Extracted data
== == ==

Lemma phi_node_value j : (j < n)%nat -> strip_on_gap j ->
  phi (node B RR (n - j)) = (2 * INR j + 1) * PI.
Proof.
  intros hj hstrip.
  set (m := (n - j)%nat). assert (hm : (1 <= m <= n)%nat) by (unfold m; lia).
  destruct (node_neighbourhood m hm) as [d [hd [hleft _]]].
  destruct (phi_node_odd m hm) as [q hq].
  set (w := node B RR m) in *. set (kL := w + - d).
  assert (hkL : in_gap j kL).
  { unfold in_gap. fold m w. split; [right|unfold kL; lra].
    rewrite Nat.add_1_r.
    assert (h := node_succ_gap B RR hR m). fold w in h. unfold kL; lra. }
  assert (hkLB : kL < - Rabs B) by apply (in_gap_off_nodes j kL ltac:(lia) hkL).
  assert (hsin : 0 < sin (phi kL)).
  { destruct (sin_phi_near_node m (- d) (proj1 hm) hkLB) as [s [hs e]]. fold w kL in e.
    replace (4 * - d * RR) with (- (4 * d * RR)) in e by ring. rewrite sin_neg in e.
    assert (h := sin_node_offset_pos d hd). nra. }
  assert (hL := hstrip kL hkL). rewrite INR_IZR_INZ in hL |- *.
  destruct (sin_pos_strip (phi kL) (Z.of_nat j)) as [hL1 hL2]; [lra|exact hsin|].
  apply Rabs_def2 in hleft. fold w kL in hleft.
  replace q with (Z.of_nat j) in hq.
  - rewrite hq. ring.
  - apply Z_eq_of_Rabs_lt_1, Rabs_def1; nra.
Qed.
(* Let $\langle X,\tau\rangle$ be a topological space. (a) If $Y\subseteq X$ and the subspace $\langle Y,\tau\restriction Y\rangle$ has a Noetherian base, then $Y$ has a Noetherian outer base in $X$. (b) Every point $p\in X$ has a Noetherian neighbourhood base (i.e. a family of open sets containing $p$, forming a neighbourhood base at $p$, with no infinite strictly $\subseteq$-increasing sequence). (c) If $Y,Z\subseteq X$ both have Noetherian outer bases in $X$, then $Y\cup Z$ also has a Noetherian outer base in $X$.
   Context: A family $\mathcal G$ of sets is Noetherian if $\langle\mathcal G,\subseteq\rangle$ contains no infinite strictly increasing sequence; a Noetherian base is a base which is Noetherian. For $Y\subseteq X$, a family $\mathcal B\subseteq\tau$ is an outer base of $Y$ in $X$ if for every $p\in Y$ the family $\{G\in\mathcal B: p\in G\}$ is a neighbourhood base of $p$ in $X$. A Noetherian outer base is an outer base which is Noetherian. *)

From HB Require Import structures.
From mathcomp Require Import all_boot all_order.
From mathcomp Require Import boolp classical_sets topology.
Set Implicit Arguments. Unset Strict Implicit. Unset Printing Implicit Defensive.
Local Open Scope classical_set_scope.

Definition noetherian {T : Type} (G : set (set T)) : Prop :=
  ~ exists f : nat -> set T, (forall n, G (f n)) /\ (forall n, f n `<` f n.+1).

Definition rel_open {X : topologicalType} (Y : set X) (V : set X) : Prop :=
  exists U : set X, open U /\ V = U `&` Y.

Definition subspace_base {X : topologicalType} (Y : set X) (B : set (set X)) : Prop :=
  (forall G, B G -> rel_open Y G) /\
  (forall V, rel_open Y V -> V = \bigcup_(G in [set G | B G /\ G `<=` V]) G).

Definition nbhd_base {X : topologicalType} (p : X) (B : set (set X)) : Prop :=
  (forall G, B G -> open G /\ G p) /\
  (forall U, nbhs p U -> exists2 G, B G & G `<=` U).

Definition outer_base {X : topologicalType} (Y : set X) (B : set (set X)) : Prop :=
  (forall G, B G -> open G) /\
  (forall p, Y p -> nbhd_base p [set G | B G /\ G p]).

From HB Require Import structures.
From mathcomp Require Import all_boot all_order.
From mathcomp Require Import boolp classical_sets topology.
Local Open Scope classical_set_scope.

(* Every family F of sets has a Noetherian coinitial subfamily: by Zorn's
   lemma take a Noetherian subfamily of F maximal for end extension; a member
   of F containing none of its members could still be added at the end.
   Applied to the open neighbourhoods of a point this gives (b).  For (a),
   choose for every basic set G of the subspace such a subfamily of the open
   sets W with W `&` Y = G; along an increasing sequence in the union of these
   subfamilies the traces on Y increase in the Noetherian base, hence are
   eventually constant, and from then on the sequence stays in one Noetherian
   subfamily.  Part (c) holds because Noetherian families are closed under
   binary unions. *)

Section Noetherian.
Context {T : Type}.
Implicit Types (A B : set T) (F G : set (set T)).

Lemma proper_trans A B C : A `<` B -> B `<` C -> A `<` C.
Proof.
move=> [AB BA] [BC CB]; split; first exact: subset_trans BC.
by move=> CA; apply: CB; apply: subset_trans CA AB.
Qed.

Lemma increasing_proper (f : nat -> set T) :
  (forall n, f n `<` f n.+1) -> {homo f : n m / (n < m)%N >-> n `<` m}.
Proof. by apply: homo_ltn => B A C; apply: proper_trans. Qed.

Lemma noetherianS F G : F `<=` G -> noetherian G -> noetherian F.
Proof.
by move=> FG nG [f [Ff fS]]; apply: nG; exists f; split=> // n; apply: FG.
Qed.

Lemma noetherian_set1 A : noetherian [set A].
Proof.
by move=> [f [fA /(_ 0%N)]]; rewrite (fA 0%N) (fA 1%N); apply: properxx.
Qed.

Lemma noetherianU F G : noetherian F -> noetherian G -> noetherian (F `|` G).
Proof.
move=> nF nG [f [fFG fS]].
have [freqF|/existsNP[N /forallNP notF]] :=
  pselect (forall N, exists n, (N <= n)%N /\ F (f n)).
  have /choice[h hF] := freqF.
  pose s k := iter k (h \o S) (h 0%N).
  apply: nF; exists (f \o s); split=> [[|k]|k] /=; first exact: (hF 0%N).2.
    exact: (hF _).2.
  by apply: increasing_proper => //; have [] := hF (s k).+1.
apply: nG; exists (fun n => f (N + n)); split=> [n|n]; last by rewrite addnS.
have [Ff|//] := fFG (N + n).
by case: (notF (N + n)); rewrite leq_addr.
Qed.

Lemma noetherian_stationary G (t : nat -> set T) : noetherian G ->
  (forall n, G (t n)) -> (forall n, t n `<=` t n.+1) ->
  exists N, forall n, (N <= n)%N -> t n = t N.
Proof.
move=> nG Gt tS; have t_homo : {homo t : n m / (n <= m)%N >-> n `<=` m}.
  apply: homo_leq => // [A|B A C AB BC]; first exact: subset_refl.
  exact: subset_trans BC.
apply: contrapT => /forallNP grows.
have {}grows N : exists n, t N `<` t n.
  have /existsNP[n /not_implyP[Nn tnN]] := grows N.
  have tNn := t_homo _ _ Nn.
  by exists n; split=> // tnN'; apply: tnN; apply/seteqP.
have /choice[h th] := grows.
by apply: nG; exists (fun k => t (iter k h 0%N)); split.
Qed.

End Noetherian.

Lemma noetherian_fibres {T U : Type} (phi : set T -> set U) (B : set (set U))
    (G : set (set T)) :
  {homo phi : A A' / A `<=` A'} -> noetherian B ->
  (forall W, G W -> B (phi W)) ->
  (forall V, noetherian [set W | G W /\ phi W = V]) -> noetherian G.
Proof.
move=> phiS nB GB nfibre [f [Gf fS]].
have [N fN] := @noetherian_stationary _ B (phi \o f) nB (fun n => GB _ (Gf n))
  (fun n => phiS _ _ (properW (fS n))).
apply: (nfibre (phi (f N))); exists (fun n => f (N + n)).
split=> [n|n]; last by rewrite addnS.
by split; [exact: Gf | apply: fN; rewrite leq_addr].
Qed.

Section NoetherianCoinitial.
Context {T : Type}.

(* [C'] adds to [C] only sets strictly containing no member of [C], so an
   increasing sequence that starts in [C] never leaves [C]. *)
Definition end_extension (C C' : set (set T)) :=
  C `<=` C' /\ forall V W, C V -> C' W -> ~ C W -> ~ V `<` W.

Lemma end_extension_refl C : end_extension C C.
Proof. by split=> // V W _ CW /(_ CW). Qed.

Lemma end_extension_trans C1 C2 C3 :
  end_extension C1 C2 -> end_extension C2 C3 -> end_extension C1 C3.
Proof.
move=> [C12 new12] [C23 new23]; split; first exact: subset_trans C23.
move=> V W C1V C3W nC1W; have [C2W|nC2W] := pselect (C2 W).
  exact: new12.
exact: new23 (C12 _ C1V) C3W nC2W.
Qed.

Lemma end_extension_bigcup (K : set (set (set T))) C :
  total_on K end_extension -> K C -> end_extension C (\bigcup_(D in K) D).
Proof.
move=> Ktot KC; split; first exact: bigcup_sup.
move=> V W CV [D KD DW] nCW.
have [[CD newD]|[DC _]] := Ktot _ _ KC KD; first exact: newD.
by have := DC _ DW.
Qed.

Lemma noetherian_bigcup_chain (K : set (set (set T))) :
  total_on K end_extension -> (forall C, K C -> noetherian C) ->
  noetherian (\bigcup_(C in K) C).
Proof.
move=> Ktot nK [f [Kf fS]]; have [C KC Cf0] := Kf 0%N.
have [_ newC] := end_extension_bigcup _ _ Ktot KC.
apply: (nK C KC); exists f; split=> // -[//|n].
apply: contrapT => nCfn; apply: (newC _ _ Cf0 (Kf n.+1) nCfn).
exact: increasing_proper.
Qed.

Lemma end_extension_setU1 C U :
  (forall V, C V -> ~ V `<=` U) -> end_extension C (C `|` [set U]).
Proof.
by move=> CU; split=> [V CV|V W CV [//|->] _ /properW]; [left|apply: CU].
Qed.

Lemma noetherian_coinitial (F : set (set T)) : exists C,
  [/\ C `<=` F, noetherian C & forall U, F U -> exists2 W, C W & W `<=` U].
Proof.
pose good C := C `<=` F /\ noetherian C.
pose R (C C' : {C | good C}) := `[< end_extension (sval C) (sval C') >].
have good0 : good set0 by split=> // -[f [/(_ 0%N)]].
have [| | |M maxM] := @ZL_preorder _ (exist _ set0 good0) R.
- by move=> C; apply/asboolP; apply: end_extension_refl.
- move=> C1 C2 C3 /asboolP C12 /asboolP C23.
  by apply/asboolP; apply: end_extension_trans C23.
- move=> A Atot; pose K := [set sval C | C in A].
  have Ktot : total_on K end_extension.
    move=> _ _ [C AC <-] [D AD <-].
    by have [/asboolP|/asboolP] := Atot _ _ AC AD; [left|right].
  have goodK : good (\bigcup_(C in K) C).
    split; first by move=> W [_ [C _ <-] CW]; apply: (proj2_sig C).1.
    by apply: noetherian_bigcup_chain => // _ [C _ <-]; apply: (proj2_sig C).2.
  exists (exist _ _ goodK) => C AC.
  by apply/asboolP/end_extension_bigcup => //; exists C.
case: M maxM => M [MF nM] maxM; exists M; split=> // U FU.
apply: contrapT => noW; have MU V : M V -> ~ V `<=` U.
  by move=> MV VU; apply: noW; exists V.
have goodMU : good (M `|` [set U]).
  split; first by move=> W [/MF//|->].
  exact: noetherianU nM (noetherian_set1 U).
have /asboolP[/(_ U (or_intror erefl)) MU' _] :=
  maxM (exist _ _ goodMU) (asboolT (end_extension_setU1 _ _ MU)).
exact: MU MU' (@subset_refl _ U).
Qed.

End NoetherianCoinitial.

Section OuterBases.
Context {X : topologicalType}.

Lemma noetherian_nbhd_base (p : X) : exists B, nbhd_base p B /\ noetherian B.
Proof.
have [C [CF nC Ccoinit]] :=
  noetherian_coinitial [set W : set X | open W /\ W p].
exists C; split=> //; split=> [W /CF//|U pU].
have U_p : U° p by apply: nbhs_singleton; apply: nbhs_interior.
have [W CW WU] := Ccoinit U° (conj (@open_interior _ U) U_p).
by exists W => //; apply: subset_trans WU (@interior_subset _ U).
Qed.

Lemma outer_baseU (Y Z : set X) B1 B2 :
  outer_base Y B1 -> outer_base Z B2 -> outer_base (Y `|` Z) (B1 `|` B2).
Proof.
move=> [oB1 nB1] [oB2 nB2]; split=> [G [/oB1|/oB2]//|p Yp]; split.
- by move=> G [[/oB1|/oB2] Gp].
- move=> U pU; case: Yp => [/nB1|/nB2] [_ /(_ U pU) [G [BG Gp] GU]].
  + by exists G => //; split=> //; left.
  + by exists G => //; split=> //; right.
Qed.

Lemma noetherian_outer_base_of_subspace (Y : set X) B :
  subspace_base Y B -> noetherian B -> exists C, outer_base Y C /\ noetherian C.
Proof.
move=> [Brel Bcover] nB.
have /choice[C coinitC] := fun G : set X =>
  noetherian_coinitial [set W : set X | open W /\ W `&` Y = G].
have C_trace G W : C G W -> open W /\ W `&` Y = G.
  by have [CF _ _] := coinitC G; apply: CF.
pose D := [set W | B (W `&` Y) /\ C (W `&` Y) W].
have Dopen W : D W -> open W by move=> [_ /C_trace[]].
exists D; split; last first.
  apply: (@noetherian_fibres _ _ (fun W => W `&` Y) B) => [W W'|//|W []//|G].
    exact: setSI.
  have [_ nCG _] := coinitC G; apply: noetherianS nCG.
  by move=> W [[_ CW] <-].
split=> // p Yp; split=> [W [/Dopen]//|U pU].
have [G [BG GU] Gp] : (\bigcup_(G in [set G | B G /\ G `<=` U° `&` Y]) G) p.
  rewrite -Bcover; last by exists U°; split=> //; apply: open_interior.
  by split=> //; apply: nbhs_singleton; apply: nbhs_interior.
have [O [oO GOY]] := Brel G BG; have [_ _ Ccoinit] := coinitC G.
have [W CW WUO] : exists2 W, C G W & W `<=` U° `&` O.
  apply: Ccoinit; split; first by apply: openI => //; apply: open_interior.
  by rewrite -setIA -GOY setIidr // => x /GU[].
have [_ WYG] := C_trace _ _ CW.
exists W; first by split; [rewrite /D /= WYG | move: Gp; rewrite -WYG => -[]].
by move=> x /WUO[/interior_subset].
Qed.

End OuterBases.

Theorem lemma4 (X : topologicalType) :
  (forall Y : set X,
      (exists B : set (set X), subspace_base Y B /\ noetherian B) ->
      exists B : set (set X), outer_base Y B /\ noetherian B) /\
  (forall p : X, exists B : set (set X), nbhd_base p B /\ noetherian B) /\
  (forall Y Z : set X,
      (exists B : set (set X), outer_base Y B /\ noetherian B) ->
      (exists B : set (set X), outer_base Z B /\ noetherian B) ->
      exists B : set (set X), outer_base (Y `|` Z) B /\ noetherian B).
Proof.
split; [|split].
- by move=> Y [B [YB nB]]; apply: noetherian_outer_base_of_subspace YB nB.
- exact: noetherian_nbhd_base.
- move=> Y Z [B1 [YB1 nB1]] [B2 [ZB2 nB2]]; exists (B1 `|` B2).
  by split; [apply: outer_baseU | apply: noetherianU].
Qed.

== == ==

Problem requirements
Here the output must be the lines above from the line with "pselect (forall N, exists" to the line with "by apply: increasing_proper", both included, duplicated word for word and nothing else.

Solution
  pselect (forall N, exists n, (N <= n)%N /\ F (f n)).
  have /choice[h hF] := freqF.
  pose s k := iter k (h \o S) (h 0%N).
  apply: nF; exists (f \o s); split=> [[|k]|k] /=; first exact: (hF 0%N).2.
    exact: (hF _).2.
  by apply: increasing_proper => //; have [] := hF (s k).+1.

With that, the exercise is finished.